Gazeta Wyborcza - 13/06/2002
Boję się szczęścia
Z TOMASZEM PIĄTKIEM, AUTOREM POWIEŚCI "HEROINA", ROZMAWIA KATARZYNA SURMIAK-DOMAŃSKA
Heroina w Twojej książce mówi: "... ludzie najbardziej chcą być szczęśliwi i dlatego w końcu wszyscy przyjdą do mnie". Jeden z recenzentów zarzucił Ci, że propagujesz fałszywą ideę, bo heroina nie daje prawdziwego szczęścia. Prawdziwe szczęście tkwi w takich cnotach jak męstwo albo wytrwałość.
Problem w tym, że tam się je czasem znajduje, ale się go raczej nie szuka.
- Heroina jest szczęściem, którego się szuka. W dodatku jest to chyba jedyny przypadek, gdzie masz stuprocentową pewność, że znajdziesz to, czego chcesz.
Może po prostu słowo szczęście nie jest tu najwłaściwsze. Kurt Vonnegut wymyślił pojęcie antyepifanii. Epifania to objawienie Boże. U Vonneguta jeden z bohaterów "Sinobrodego" narzeka, że Bóg nam się objawia zbyt często. Mówi: "Musisz zachować twarz, ponieść ofiarę, dać świadectwo prawdzie...".
- Wyjść na ludzi, zadzwonić do cioci, zarobić na dom. Była taka piosenka Dezertera "Musisz być kimś!...".
A antyepifania to bardzo rzadki stan, kiedy Bóg odpuszcza.
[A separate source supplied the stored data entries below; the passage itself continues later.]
Section NormalOrdering.
Variables (R : realType) (q c : R[i]) (V : lmodType R[i]).
Variables (f2 f3 ki y : {linear V -> V}).
Hypothesis q_neq0 : q != 0.
Hypothesis q_not_root1 : forall m : nat, (0 < m)%N -> q ^+ m != 1.
Hypotheses (y_f2 : qcommute y f2 (q ^+ 2)) (y_f3 : qcommute y f3 (q ^+ 4)).
Hypotheses (ki_f2 : qcommute ki f2 (q ^+ 3)) (ki_f3 : qcommute ki f3 (q ^+ 3)).
Hypothesis f3_f2 : qcommute f3 f2 q^-1.
Hypothesis ki_y : forall w, ki (y w) = y (ki w).

Definition g w := f2 (w - y w) + c *: f3 (ki w).

Fact g_is_linear : linear g.
Proof.
move=> a u v; rewrite /g.
have -> : a *: u + v - y (a *: u + v) = a *: (u - y u) + (v - y v).
  by rewrite linearP scalerBr opprD addrACA.
by rewrite !linearP scalerDr addrACA.
Qed.

HB.instance Definition _ := GRing.isLinear.Build R[i] V V *:%R g g_is_linear.

Lemma g_mono a b w :
  g (iter a f2 (iter b f3 w)) =
  iter a.+1 f2 (iter b f3 (w - q ^+ (2 * a + 4 * b) *: y w))
  + (c * q ^+ (2 * a + 3 * b)) *: iter a f2 (iter b.+1 f3 (ki w)).
Proof.
rewrite /g; congr (_ + _).
  rewrite !linearB !linearZ /= (qcommute_iter a y_f2) (qcommute_iter b y_f3).
  by rewrite !linearZ /= scalerA exprD !exprM.
rewrite (qcommute_iter a ki_f2) (qcommute_iter b ki_f3) !linearZ /=.
rewrite (qcommute_iter a f3_f2) !scalerA; congr (_ *: _).
rewrite -!exprM exprVn (_ : (3 * a = a + 2 * a)%N); last by lia.
by rewrite !exprD; field; rewrite expf_neq0.
Qed.

(* [qpoch m r] is the product (1 - r y) (1 - q^2 r y) ... (1 - q^(2m-2) r y). *)
Fixpoint qpoch m r w : V :=
  if m is m'.+1 then qpoch m' (q ^+ 2 * r) (w - r *: y w) else w.

Fact qpoch_is_linear m r : linear (qpoch m r).
Proof.
elim: m r => [|m IH] r a u v //=.
have -> : a *: u + v - r *: y (a *: u + v) = a *: (u - r *: y u) + (v - r *: y v).
  by rewrite linearP scalerDr scalerBr !scalerA mulrC opprD addrACA.
exact: IH.
Qed.

HB.instance Definition _ m r :=
  GRing.isLinear.Build R[i] V V *:%R (qpoch m r) (qpoch_is_linear m r).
Momenty, gdy nic nie musisz.
- Heroina to jest dokładnie to.
Naprawdę jest tak słodko?
- Jest zajebiście! Nie znam niczego, co by się z tym równało.
A co jeszcze znasz?
- Alkohol, seks, inne dragi, jedzenie, szachy... Jestem uzależniony od jedzenia, chodzę po restauracjach jak oszalały, kocham wyrafinowane smaki i gotów jestem zapłacić za nie każdą kasę. Kiedy w knajpie nie dostaję tego, czego chcę, bywam strasznie niemiły. Uwielbiam też grać w szachy i bardzo żałuję, że mało ludzi to dziś robi. Na strzelanie w komputerze to mają czas!
Jednak muszę przyznać, że wszystko to jest niczym wobec rozkoszy, które daje heroina.
Nie napisałeś przypadkiem panegiryku?
- Jeżeli ktoś przeze mnie wejdzie w ten nałóg, to się zabiję. Na miesiąc przed ukazaniem się "Heroiny" chciałem ją wycofać. Ale pomyślałem: pieprzę tych, co nie doczytają książki do końca.
Byłeś heroinistą tak jak główny bohater, nomen omen Tomek, tak jak on prowadziłeś w telewizji program, gdzie mówiłeś ludziom, jacy są, na podstawie ich wymowy. W jakim stopniu to książka autobiograficzna?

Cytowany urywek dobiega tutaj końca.